Oh you’re good. Thank you.

lsblk returned:

NAME MAJ:MIN RM  SIZE RO TYPE MOUNTPOINT
vda  254:0    0    8G  0 disk /
vdb  254:16   0 1020M  0 disk /data

find /data -iname PG_VERSION, returned:

/data/postgresql/base/16509/PG_VERSION
/data/postgresql/base/5/PG_VERSION
/data/postgresql/base/4/PG_VERSION
/data/postgresql/base/16386/PG_VERSION
/data/postgresql/base/1/PG_VERSION
/data/postgresql/PG_VERSION

Now what? I’m sorry if I’m asking for too much, you can guide me to a webpage if I am.

Again, thank you very much.

No worries! Part of the reason I’m on the forum is to practise writing…

The next step is to double-check that this is your data.
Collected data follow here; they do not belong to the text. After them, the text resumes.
Lemma rf_goodE (R : realType) (T : finType) (e : rel T) (I0 : {set T}) (C : R) w :
  rf_good e I0 C w = rf_stops_by e I0 C w && rf_small e I0 C w.
Proof. by []. Qed.

Section Tails.
Variables (R : realType) (T : finType) (e : rel T) (I0 : {set T}).
Variables (p eps C : R) (d : nat).
Hypotheses (p0 : 0 <= p) (eps0 : 0 < eps) (rho_le : p * d.-1%:R <= 1 - eps).
Hypotheses (d2 : (2 <= d)%N) (esym : symmetric e)
  (deg : forall v : T, (#|[set u | e v u]| <= d)%N).
Hypotheses (I0_gt0 : (0 < #|I0|)%N) (lnN_ge1 : 1 <= ln (#|T|%:R : R)).
Hypotheses (C_stop : 3 <= eps * C) (C_size : 3 <= eps ^+ 3 / 2 * C).

Let N : R := #|T|%:R.
Let L : R := ln N.

Lemma eps_le1 : eps <= 1.
Proof.
have := mulr_ge0 p0 (ler0n R d.-1); move: rho_le.
by move: (p * _) => rho; lra.
Qed.

Lemma p_le1 : p <= 1.
Proof.
have d1 : 1 <= d.-1%:R :> R by rewrite ler1n; move: d2; clear; lia.
apply: le_trans (ler_peMr p0 d1) _; move: rho_le eps0.
by move: (p * _) => rho; lra.
Qed.

Lemma N_gt0 : 0 < N.
Proof. by rewrite ltr0n (leq_trans I0_gt0) ?max_card. Qed.

Lemma expR_lnN (a : R) (k : nat) : expR (a - k%:R * L) = expR a / N ^+ k.
Proof. by rewrite expRB expRM_natl lnK // posrE N_gt0. Qed.

Lemma C_ge0 : 0 <= C.
Proof. by rewrite -(pmulr_rge0 _ eps0); apply: le_trans C_stop. Qed.

Lemma not_stops_by_le (w : outcome T) (t : 'I_#|T|.+1) : t%:R <= C * L ->
  (~~ rf_stops_by e I0 C w)%:R <= (n_inf (rf_state e I0 w t))%:R :> R.
Proof.
move=> htC; case: (boolP (rf_stopped e I0 w t)) => hs.
  suff -> : rf_stops_by e I0 C w by [].
  by apply/existsP; exists t; rewrite htC.
by case: (~~ _); rewrite ?ler_nat ?(n_inf_gt0 hs).
Qed.

Lemma stop_tail :
  rf_expect p (fun w => (~~ rf_stops_by e I0 C w)%:R) <= 2 * expR 1 / N ^+ 2.
Proof.
have eps1 := eps_le1; have C0 := C_ge0; have L1 := lnN_ge1; have epsC := C_stop.
have C3 : 3 <= C by apply: le_trans epsC _; rewrite ler_piMl.
have CL1 : 1 <= C * L by apply: le_trans (ler_peMr C0 L1); lra.
have CL0 : 0 <= C * L by lra.
have [t_le t_gt] := andP (truncn_itv CL0).
case: (ltnP (Num.truncn (C * L)) #|T|) => ht; last first.
  have all_stop w : rf_stops_by e I0 C w.
    apply/existsP; exists ord_max; rewrite stopped_by_card andbT /=.
    by rewrite -truncn_ge_nat.
  apply: le_trans (rf_expect_le p0 p_le1 (g := fun=> 0) _) _.
    by move=> w; rewrite all_stop.
  by rewrite rf_expect_const divr_ge0 ?exprn_ge0 ?mulr_ge0 ?expR_ge0 // ltW ?N_gt0.
have t0 : (0 < Num.truncn (C * L))%N by rewrite truncn_ge_nat.
move: ht t_le t_gt t0; case: (Num.truncn (C * L)) => [//|t] ht t_le t_gt _.
pose tt : 'I_#|T|.+1 := @Ordinal #|T|.+1 t.+1 (ltnW ht).
apply: le_trans (rf_expect_le p0 p_le1 (fun w => not_stops_by_le w (t := tt) t_le)) _.
apply: le_trans (mean_infectious I0 p0 p_le1 d2 esym deg (ltnW ht)) _.
have decay : (p * d.-1%:R) ^+ t.+1 <= expR (1 - 3%:R * L).
  apply: (@le_trans _ _ (expR (- eps) ^+ t.+1)).
    apply: lerXn2r; rewrite ?nnegrE ?expR_ge0 ?mulr_ge0 //.
    by apply: le_trans rho_le _; apply: le_trans (expR_ge1Dx _); lra.
  rewrite -expRM_natl ler_expR; move: t_gt; rewrite -natr1; nra.
rewrite expR_lnN in decay; apply: (@le_trans _ _ (2 * N * (expR 1 / N ^+ 3))).
  apply: ler_pM => //; rewrite ?exprn_ge0 ?mulr_ge0 //.
  by rewrite ler_pM2l // ler_nat max_card.
by rewrite le_eqVlt; apply/orP; left; apply/eqP; field; rewrite gt_eqF ?N_gt0.
Qed.

Let s : R := expR (eps ^+ 3 / 2).
Let a : R := 1 + eps.

Lemma s_ge1 : 1 <= s.
Proof.
apply: le_trans (expR_ge1Dx _).
by rewrite lerDl divr_ge0 // exprn_ge0 // ltW.
Qed.

Lemma a_ge1 : 1 <= a.
Proof. by rewrite lerDl ltW. Qed.

Lemma drift_rho : s * (1 + p * (a - 1)) ^+ d.-1 <= a.
Proof.
have -> : a - 1 = eps by rewrite /a; ring.
exact: drift_bound.
Qed.

(* Chernoff-type comparison: too many infected nodes force a large
   potential at time #|T| *)
Lemma not_small_le (w : outcome T) :
  (~~ rf_small e I0 C w)%:R <=
  expR (- (eps ^+ 3 / 2 * (C * #|I0|%:R * L))) *
  potential s a (rf_state e I0 w #|T|).
Proof.
have [s0 a0] : 0 <= s /\ 0 <= a by rewrite (le_trans ler01 s_ge1) (le_trans ler01 a_ge1).
case: (boolP (rf_small e I0 C w)) => /= hsmall.
  by rewrite mulr_ge0 ?expR_ge0 // mulr_ge0 // exprn_ge0.
set sg := eps ^+ 3 / 2; set K := C * #|I0|%:R * L.
set st := rf_state e I0 w #|T|.
have many : K < (n_touched st)%:R.
  move: hsmall; rewrite /rf_small -ltNge => /lt_le_trans; apply.
  by rewrite ler_nat ever_infected_le.
have sg0 : 0 <= sg by rewrite divr_ge0 // exprn_ge0 // ltW.
have grow := potential_ge p0 s_ge1 a_ge1 drift_rho st.
apply: (le_trans _ (ler_wpM2l (expR_ge0 (- (sg * K))) grow)).
rewrite /s -/sg -expRM_natl -expRD; apply: le_trans (expR_ge1Dx _); rewrite lerDl.
have gap : 0 <= (n_touched st)%:R - K by rewrite subr_ge0 ltW.
by have := mulr_ge0 sg0 gap; nra.
Qed.

Lemma size_tail :
  rf_expect p (fun w => (~~ rf_small e I0 C w)%:R) <= expR 3 / N ^+ 3.
Proof.
apply: le_trans (rf_expect_le p0 p_le1 not_small_le) _; rewrite rf_expectZ.
have nT : (0 < #|T|)%N by rewrite (leq_trans I0_gt0) ?max_card.
have := mean_potential I0 p0 p_le1 d2 esym deg s_ge1 a_ge1 drift_rho (t := #|T|.-1).
rewrite prednK // => /(_ (leqnn _)) hE.
apply: le_trans (ler_wpM2l (expR_ge0 _) hE) _.
have sa3 : s * a ^+ 2 <= expR 3.
  have se : s <= expR 1.
    have e3 : eps ^+ 3 <= 1 by rewrite exprn_ile1 ?eps_le1 // ltW.
    by rewrite ler_expR; lra.
  have ae : a <= expR 1.
    by apply: le_trans (expR_ge1Dx eps) _; rewrite ler_expR eps_le1.
  have -> : expR 3 = expR 1 * expR 1 ^+ 2 :> R.
    by rewrite -expRM_natl -expRD; congr expR; ring.
  have a0 : 0 <= a := le_trans ler01 a_ge1.
  apply: ler_pM; rewrite ?exprn_ge0 ?(le_trans ler01 s_ge1) //.
  by apply: lerXn2r; rewrite ?nnegrE ?expR_ge0.
have sa0 : 0 <= s * a ^+ 2.
  by rewrite mulr_ge0 ?exprn_ge0 ?(le_trans ler01 s_ge1) ?(le_trans ler01 a_ge1).
apply: le_trans (ler_wpM2l (expR_ge0 _) (lerXn2r _ _ _ sa3)) _;
  rewrite ?nnegrE ?expR_ge0 //.
rewrite -expRM_natl -expRD -expR_lnN ler_expR.
have m1 : 1 <= #|I0|%:R :> R by rewrite ler1n.
have L1 := lnN_ge1; have sgC := C_size.
have h1 : 0 <= (#|I0|%:R - 1) * (L - 1) by rewrite mulr_ge0 // subr_ge0.
have h2 : 0 <= (eps ^+ 3 / 2 * C - 3) * (#|I0|%:R * L).
  by rewrite mulr_ge0 ?subr_ge0 // mulr_ge0 // ?(le_trans ler01 m1) ?(le_trans ler01 L1).
nra.
Qed.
Think of a string that you know is in your database—but would not be in an auto-created Postgres placeholder.

For example, if this is a cat-names database, then…

find /data -print0 | xargs -0 fgrep -i calico

Evidence was found if Binary file matches.

Assuming the green light is indeed given, we then want:

cat /data/postgresql/PG_VERSION

(The diff in your original post suggests that this is 15.3, but given the mismatches already, we need to be extra careful.)

At this point, there’s a short paragraph of broken record (sorry!) about the permanent snapshot copy… Volume snapshots gradually disappear, and we absolutely do want to have something to roll back to in case the (pending) experiments go awry. Hence, it would be prudent to get the contents of one of them into a place that is designated for storing things long-term.

(It would be best to copy from the oldest snapshot that is still available; it’s ok if it doesn’t date from before the upgrade.)

After that, the exact steps will depend on the version number you saw… The broad plan is to try fly postgres create with a snapshot off this volume as the initial basis for the new Machine’s storage. There’s a fair chance the mount point will be set correctly this time, since there is no prior configuration to muddle things.

(If not, then the world doesn’t end. We’ll just take the traditional pg_dump/pg_restore route instead.)

1 Like

Thank you for everything. I really do appreciate you taking the time to reply to my inquiries. I have learned a LOT as a result.

While I could not recover my data, I got the site back up and working again. I’ve asked the team to re-enter most of the data and we’re hoping for the best.

Thank you again for everything.

1 Like

This topic was automatically closed 7 days after the last reply. New replies are no longer allowed.